A sprawling array of cases challenging the National Security Agency’s warrantless surveillance of American’s domestic and international communications may be moved to an obscure secret court in Washington, if a pending bill to alter the nation’s surveillance law is voted on before the upcoming recess.

Pennsylvania Republican Senator Arlen Specter’s National Security Surveillance Act would allow the Attorney General to move surveillance cases involving state secrets to the little-known Foreign Intelligence Surveillance Court of Review, which has only heard one case in its 28-year history.

National security experts and civil liberties advocates assail the idea, saying it would diminish the chance that the government’s controversial snooping would face open judicial scrutiny.

But Specter, who has long criticized the wiretapping that evades the law requiring warrants for such surveillance, argues that the Foreign Intelligence Surveillance Court, also known as the FISA Court, is accustomed to dealing with national secrets.

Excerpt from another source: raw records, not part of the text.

Lemma sem_diagram v m (D : sample -> Prop) :
  (forall i, is_tw (v i)) -> (forall s, D s -> basic_sample s) -> is_diagram D (sem v m).
Proof.
  intros V B.
  assert (TW : forall t, basic t -> is_tw (eval v t)) by (intros; apply eval_tw; auto).
  assert (Bapp : forall t a, D (SApp t a) -> basic t) by (intros t a H; apply (B _ H)).
  assert (Blast : forall t, D (SLast t) -> basic t) by (intros t H; apply (B _ H)).
  unfold is_diagram; repeat match goal with |- _ /\ _ => split end; simpl.
  - intros t a b _ _ H _. apply tw_mono, TW, (Bapp _ _ H).
  - intros t a _ H ->. apply tw_zero, TW, (Bapp _ _ H).
  - reflexivity.
  - intros t a H _ _ _. apply lastf_le_iff, tw_mono, TW, (Bapp _ _ H).
  - intros t H _ E. rewrite E. apply lastf_omega_value; [apply TW, Blast, H | exact E].
  - reflexivity.
  - intros _. apply lastf_id.
  - reflexivity.
  - intros t u H _ _. assert (Bt := Blast _ H). inversion Bt. apply lastf_comp_omega; auto.
  - intros t a H _ _. assert (Bt := Bapp _ _ H). inversion Bt. apply star_lt_arg; auto.
  - intros t a H _ _. assert (Bt := Bapp _ _ H). inversion Bt. apply star_succ_ge; auto.
  - intros t H _. assert (Bt := Blast _ H). inversion Bt. apply lastf_star_omega; auto.
Qed.

Lemma diagram_of_countermodel (l : list term) k v m :
  Forall basic l -> (forall i, is_tw (v i)) ->
  Forall (fun t => olt (eval v t m) m) l ->
  exists d : sample -> onat,
    is_diagram (saturation (fun a => exists t, In t l /\ a = SApp t (SVar k))) d /\
    Forall (fun t => olt (d (SApp t (SVar k))) (d (SVar k))) l.
Proof.
  intros Hb V Hlt. exists (sem v m). split; [apply sem_diagram; auto|exact Hlt].
  intros s. apply saturation_basic_sample. intros a [t [Ht ->]].
  split; [exact (proj1 (Forall_forall _ _) Hb t Ht) | exact I].
Qed.

(** * Saturations of finite sets are finite *)

(* [reach_app t a] contains every sample reachable from [t[a]] without passing through [a] *)
Fixpoint reach_core (t : term) (a : sample) : list sample :=
  let reach_app u b := reach_core u b ++ reach_core u (SLast u) ++ [SLast u] in
  match t with
  | TMul u w => SApp (TMul u w) a :: reach_app u (SApp w a) ++ reach_app w a
  | TStar u => SApp (TStar u) a :: SSuc (SApp (TStar u) a) ::
      reach_app u (SApp (TStar u) a) ++ reach_app u (SSuc (SApp (TStar u) a))
  | _ => [SApp t a]
  end.

Definition reach_app (t : term) (a : sample) : list sample :=
  reach_core t a ++ reach_core t (SLast t) ++ [SLast t].

Lemma reach_core_head t a : In (SApp t a) (reach_core t a).
Proof. destruct t; simpl; auto. Qed.

Ltac prove_in :=
  match goal with
  | |- In (SApp ?t ?a) (reach_core ?t ?a) => apply reach_core_head
  | H : In ?x ?l |- In ?x ?l => exact H
  | |- In _ (_ ++ _) => apply in_or_app; first [left; prove_in | right; prove_in]
  | |- In _ (_ :: _) => first [apply in_eq | apply in_cons; prove_in]
  end.

Ltac solve_in :=
  repeat match goal with
         | H : In _ (_ ++ _) |- _ => apply in_app_or in H as [H|H]
         | H : In _ [_] |- _ => destruct H as [<-|[]]
         end;
  prove_in.

Lemma reach_app_step_of_core t :
  (forall a b c, In b (reach_core t a) -> step b c -> In c (reach_app t a) \/ c = a) ->
  forall a b c, In b (reach_app t a) -> step b c -> In c (reach_app t a) \/ c = a.
Proof.
  intros H a b c Hb Hs. apply in_app_or in Hb as [Hb|Hb]; [exact (H _ _ _ Hb Hs)|].
  apply in_app_or in Hb as [Hb|[<-|[]]]; [|inversion Hs].
  left. unfold reach_app in *. destruct (H _ _ _ Hb Hs) as [Hc| ->]; solve_in.
Qed.

Lemma reach_core_step t a b c : In b (reach_core t a) -> step b c -> In c (reach_app t a) \/ c = a.
Proof.
  revert a b c. induction t as [| | |u IHu w IHw|u IHu|]; intros a b c Hb Hs; cbn [reach_core] in Hb;
    unfold reach_app; cbn [reach_core].
  all: try (destruct Hb as [<-|[]]; inversion Hs; subst; solve [left; solve_in | right; reflexivity]).
  - destruct Hb as [<-|Hb]; [inversion Hs; subst; solve [left; solve_in | right; reflexivity]|].
    apply in_app_or in Hb as [Hb|Hb].
    + destruct (reach_app_step_of_core u IHu _ _ _ Hb Hs) as [Hc| ->]; left; unfold reach_app in *; solve_in.
    + destruct (reach_app_step_of_core w IHw _ _ _ Hb Hs) as [Hc| ->]; [left; unfold reach_app in *; solve_in | auto].
  - destruct Hb as [<-|[<-|Hb]]; [inversion Hs; subst; solve [left; solve_in | right; reflexivity] ..|].
    apply in_app_or in Hb as [Hb|Hb];
      destruct (reach_app_step_of_core u IHu _ _ _ Hb Hs) as [Hc| ->]; left; unfold reach_app in *; solve_in.
Qed.

Lemma saturation_step (D0 : sample -> Prop) a b : saturation D0 a -> step a b -> saturation D0 b.
Proof. intros [c [Hc R]] S. exists c. split; auto. eapply rt_trans; eauto using rt_step. Qed.

Lemma reach_var_closed t k x y : clos_refl_trans_1n sample step x y ->
  In x (SVar k :: reach_app t (SVar k)) -> In y (SVar k :: reach_app t (SVar k)).
Proof.
  induction 1 as [|x y z Sxy R IH]; auto. intros Hx. apply IH.
  destruct Hx as [<-|Hx]; [inversion Sxy|].
  destruct (reach_app_step_of_core t (reach_core_step t) _ _ _ Hx Sxy) as [Hy| ->]; simpl; auto.
Qed.

Lemma saturation_in_reach (l : list term) k b :
  saturation (fun a => exists t, In t l /\ a = SApp t (SVar k)) b ->
  In b (SVar k :: flat_map (fun t => reach_app t (SVar k)) l).
Proof.
  intros [a [[t [Ht ->]] R]].
  assert (Hstart : In (SApp t (SVar k)) (SVar k :: reach_app t (SVar k))) by (unfold reach_app; solve_in).
  destruct (reach_var_closed t k _ _ (clos_rt_rt1n _ _ _ _ R) Hstart) as [<-|Hb].
  - apply in_eq.
  - apply in_cons, in_flat_map. eauto.
Qed.

Lemma finite_values_bounded (d : sample -> onat) (l : list sample) :
  exists N, forall s, In s l -> forall j, d s = fin j -> j <= N.
Proof.
  induction l as [|x l [N IH]]; [exists 0; intros s []|].
  destruct (d x) as [j0|] eqn:E.
  - exists (N + j0). intros s [<-|Hs] j Hj; [rewrite E in Hj; injection Hj; lia|].
    specialize (IH s Hs j Hj); lia.
  - exists N. intros s [<-|Hs] j Hj; [congruence | eauto].
Qed.

(** * Completeness *)

Section Completeness.
Variable D : sample -> Prop.
Variable d : sample -> onat.
Hypothesis D_step : forall a b, D a -> step a b -> D b.
Variable N : nat.
Hypothesis d_bounded : forall s, D s -> forall j, d s = fin j -> j <= N.
Hypothesis d_mono : forall t a b, D a -> D b -> D (SApp t a) -> D (SApp t b) ->
  ole (d a) (d b) -> ole (d (SApp t a)) (d (SApp t b)).
Hypothesis d_zero : forall t a, D a -> D (SApp t a) -> d a = fin 0 -> d (SApp t a) = fin 0.
Hypothesis d_suc : forall a, D a -> D (SSuc a) -> d (SSuc a) = Ssucc (d a).
Hypothesis d_last : forall t a, D (SApp t a) -> D a -> D (SLast t) -> D (SApp t (SLast t)) ->
  (ole (d (SLast t)) (d a) <-> d (SApp t (SLast t)) = d (SApp t a)).
Hypothesis d_last_omega : forall t, D (SLast t) -> D (SApp t (SLast t)) ->
  d (SLast t) = omega -> d (SApp t (SLast t)) = omega.
Hypothesis d_one : forall a, D (SApp TOne a) -> D a -> d (SApp TOne a) = d a.
Hypothesis d_mul : forall t u a, D (SApp (TMul t u) a) -> D (SApp t (SApp u a)) ->
  d (SApp (TMul t u) a) = d (SApp t (SApp u a)).
Hypothesis d_last_mul : forall t u, D (SLast (TMul t u)) -> D (SLast t) -> D (SLast u) ->
  d (SLast (TMul t u)) = omega -> d (SLast t) = omega /\ d (SLast u) = omega.
Hypothesis d_star_lt : forall t a, D (SApp (TStar t) a) -> D a -> D (SApp t (SApp (TStar t) a)) ->
  olt (fin 0) (d a) -> olt (d a) omega -> olt (d (SApp t (SApp (TStar t) a))) (d a).
Hypothesis d_star_succ : forall t a, D (SApp (TStar t) a) -> D a ->
  D (SApp t (SSuc (SApp (TStar t) a))) ->
  olt (d (SApp (TStar t) a)) omega -> ole (d a) (d (SApp t (SSuc (SApp (TStar t) a)))).
Hypothesis d_last_star : forall t, D (SLast (TStar t)) -> D (SLast t) ->
  d (SLast (TStar t)) = omega -> d (SLast t) = omega.

Lemma D_arg t a : D (SApp t a) -> D a.
Proof. intro H; eapply D_step; [exact H | constructor]. Qed.

Lemma D_app_last t a : D (SApp t a) -> D (SApp t (SLast t)).
Proof. intro H; eapply D_step; [exact H | constructor]. Qed.

Lemma D_last t a : D (SApp t a) -> D (SLast t).
Proof. intro H; eapply D_arg, D_app_last, H. Qed.

Lemma d_app_fin_of_last_omega t a j :
  D (SApp t a) -> d (SLast t) = omega -> d a = fin j -> d (SApp t a) <> omega.
Proof.
  intros H L E e. assert (X := d_last t a H (D_arg _ _ H) (D_last _ _ H) (D_app_last _ _ H)).
  rewrite L, E, (d_last_omega t (D_last _ _ H) (D_app_last _ _ H) L), e in X.
  apply X. reflexivity.
Qed.

Lemma d_app_omega_of_last_omega t a :
  D (SApp t a) -> d (SLast t) = omega -> d a = omega -> d (SApp t a) = omega.
Proof.
  intros H L E. assert (X := d_last t a H (D_arg _ _ H) (D_last _ _ H) (D_app_last _ _ H)).
  rewrite L, E, (d_last_omega t (D_last _ _ H) (D_app_last _ _ H) L) in X.
  symmetry. apply X, ole_refl.
Qed.

Section VariableWarp.
Variable i : nat.
Let x : term := TVar i.

Definition val_above (n : nat) : onat :=
  oinf (fun y => exists b, D (SApp x b) /\ ole (fin n) (d b) /\ y = d (SApp x b)).
Lemma word_labels_onto (c : A) : is_atom c -> exists q, word_labels q c.
Proof. by move=> atom_c; exists (word_seq c [::]), c, [::]. Qed.

(* Labelled sequences differ from k |-> (k, None) only on i0 and the support. *)
Lemma word_labelled_weak (q : I -> I * option A) :
  labelled word_labels q -> weak_space (fun k => (k, None)) q.
Proof.
move=> [_ [a [w [_ _ q_aw _]]]]; exists (i0 :: word_support w) => k.
rewrite inE q_aw /word_seq; case: (eqVneq k i0) => //= neq_k_i0.
by apply: contra_notT => /word_perm_out ->; rewrite (negbTE neq_k_i0).
Qed.

End TransposAlgebra.

Theorem theorem3p22 (I : eqType) (i0 i1 : I) (Hi : i0 <> i1)
  (A : Type) (meet : A -> A -> A) (compl : A -> A) (s : I -> I -> A -> A) :
  is_TA meet compl s ->
  is_atomic meet compl ->
  exists (U : Type) (p : I -> U) (V : (I -> U) -> Prop) (f : A -> (I -> U) -> Prop),
    (forall q, V q -> weak_space p q) /\
    permutable V /\
    is_rep_hom meet compl s V f /\
    (forall (Y : A -> Prop) (b : A), is_inf meet Y b ->
       forall q, f b q <-> V q /\ (forall y, Y y -> f y q)) /\
    (forall q, V q <-> exists a, is_atom meet compl a /\ f a q).
Proof.
move=> TA atomic.
pose labels := word_labels meet compl s i0.
have lab_atom : forall q c, labels q c -> is_atom meet compl c.
  exact: word_labels_atom.
have lab_fun : forall q c c', labels q c -> labels q c' -> c = c'.
  exact: word_labels_fun.
have lab_transp : forall q c i j, i <> j -> labels q c ->
    labels (fun k => q (transp i j k)) (s i j c).
  exact: word_labels_transp.
have lab_onto : forall c, is_atom meet compl c -> exists q, labels q c.
  exact: word_labels_onto.
exists (I * option A)%type, (fun k => (k, None)), (labelled labels), (label_rep meet labels).
split; first exact: word_labelled_weak.
split; first exact: (labelled_permutable lab_transp).
split; first exact: (label_rep_hom TA lab_atom lab_fun lab_transp lab_onto atomic).
split; first exact: (label_rep_inf TA lab_fun).
exact: (labelled_atoms TA lab_atom).
Qed.
Lemma sat_codes_fholds d : sat_codes d -> fholds D8 d.
Proof.
move=> sat s; pose c := nth cone [:: dcode (s 0); dcode (s 1%N); dcode (s 2%N); dcode (s 3%N)].
move/allP/(_ _ (dcode_codes8 (s 0)))/allP/(_ _ (dcode_codes8 (s 1%N))): sat.
move/allP/(_ _ (dcode_codes8 (s 2%N)))/allP/(_ _ (dcode_codes8 (s 3%N)))/hasP.
case=> w /In_mem w_d /andP[/allP w_vars /eqP w_1]; exists w => //.
rewrite (@eq_weval _ _ _ _ s (fun n => xypow (c n))).
  by rewrite (weval_abpow x4 y2 xy2) w_1 abpow_cone.
by move=> [|[|[|[|n]]]] /w_vars // _; exact/esym/dcodeK.
Qed.

Lemma D8_image_iso_section (G : Grp) : D8_image G -> iso_section D8 G.
Proof.
case=> a [b [a4 b2 ab2 ab_onto]].
apply: (@onto_morph_iso_section _ G [set: D8]%G (fun u => abpow a b (dcode u))).
  by move=> u v _ _; rewrite dcodeM abpowM.
move=> z; have [c c8 <-] := ab_onto z; exists (xypow c).
by rewrite inE xypowK.
Qed.

Lemma C4_image_iso_section (G : Grp) : C4_image G -> iso_section D8 G.
Proof.
case=> a [a4 a_onto].
have dcode_xpow i : dcode (x ^+ i) = (i %% 4, 0).
  have -> : x ^+ i = xypow (i %% 4, 0).
    by rewrite /abpow /= gpowE mulg1; have := expg_mod_order x i; rewrite ox.
  by rewrite xypowK // (mod_codes8 i 0).
apply: (@onto_morph_iso_section _ G <[x]>%G (fun u => gpow a (dcode u).1)).
  move=> _ _ /cycleP[i ->] /cycleP[k ->].
  by rewrite -expgD !dcode_xpow /= -!(gpow_mod _ a4) gpowD.
move=> z; have [i lt_i4 <-] := a_onto z; exists (x ^+ i).
by rewrite mem_cycle dcode_xpow /= modn_small.
Qed.

End D8.

Theorem proposition1 :
  (fholds 'D_8 omega8 /\ fholds 'D_8 id2 /\ fholds 'D_8 id3 /\ fholds 'D_8 id4) /\
  (forall G : Grp, holds G omega8 -> holds G id2 -> holds G id3 -> holds G id4 ->
     iso_section 'D_8 G).
Proof.
have [[x y] [_ _ ox /setDP[_ y_notin_x]] [oy xy]] :=
  @generators_2dihedral _ [set: 'D_8]%G 3 isT (isog_refl _).
have sat := sat_codes_fholds ox oy xy y_notin_x.
split; first by split; [exact: fholds_D8_omega8 | do 2?split; apply: sat; vm_compute].
move=> G omega id2G id3G id4G; case: (basis_image omega id2G id3G id4G).
  exact: D8_image_iso_section ox oy xy y_notin_x G.
exact: C4_image_iso_section ox oy xy y_notin_x G.
Qed.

Specter also believes that transferring cases to a central court will lead to a more cohesive decision that can then be appealed directly to the Supreme Court, but he does not believe that already moving cases, such as Detroit one where a judge declared one spying program unconstitutional and the government has appealed, should be transferred, according to an aide speaking on background.

It’s unclear whether the provision would allow the attorney general to transfer the Electronic Frontier Foundation’s lawsuit against AT&T for its alleged complicity in the warrantless surveillance program, but EFF lawyers declined to comment on the legislation, which may indicate they think it could affect their case.

Fifteen other cases filed against telecoms were recently moved to the San Francisco district court, and another 21 may be moved there soon.

Louis Fisher, an expert on national security law who just published a book on the state secrets privilege called In the Name of National Security, says that court is just too secret.

“We always do this in the public, and the courts have to come up with a decision that shows reasoning, facts and understanding, and to give that to a secret court where, I imagine, there will be secret briefs and secret oral arguments and a secret decision, maybe a declassified decision?,” Fisher said. “I can’t see there’s credibility or trust in that kind of process. I frankly would prefer it to be decentralized and have a lot of district judges take a crack at it.”

The review court is also politically stacked, according to Shayana Kadidal, a lawyer with the Center for Constitutional Rights. CCR is suing the government directly over warrantless wiretapping of overseas communications, arguing that the program infringes on their ability to defend their Guantanamo Bay detainee clients.

“The transfer provision would move us in front of the three FISA Court of Review judges, who are all Republicans.” Kadidal said.

Another provision of the bill that allows the government to have the FISA Court approve a whole surveillance program, rather than a particularized warrant, will be used by the administration to legalize the program and prevent lawsuits from stopping the program, though they might be able to get damages for prior surveillance, if it’s found to be illegal, Kadidal said.

It remains unclear whether the bill will make it to the Senate floor for a vote, given that Senate Majority Leader Bill Frist promised to adjourn the Senate by the end of September and that much of the Senate’s energy may stay focused on a controversial military commission bill and immigration proposals.

Still, Wednesday’s markup of a companion spy bill in two House committees involved much arm-twisting of Republican members with concerns over expanding surveillance power into voting for the bill, according to ACLU legislative counsel Lisa Graves.

“That arm-twisting signals a real determination to have votes on the House side on this legislation next week,” Graves said. “It seems a part of Rove strategy to have that vote before the election and try to make terrorism a divisive partisan issue. Everyone agrees that the government should be monitoring suspected terrorists; the question is does the president get to unilaterally, secretly and indefinitely wiretap or bug your home without any judicial oversight ever.”

The Justice Department did not respond to a request for comment.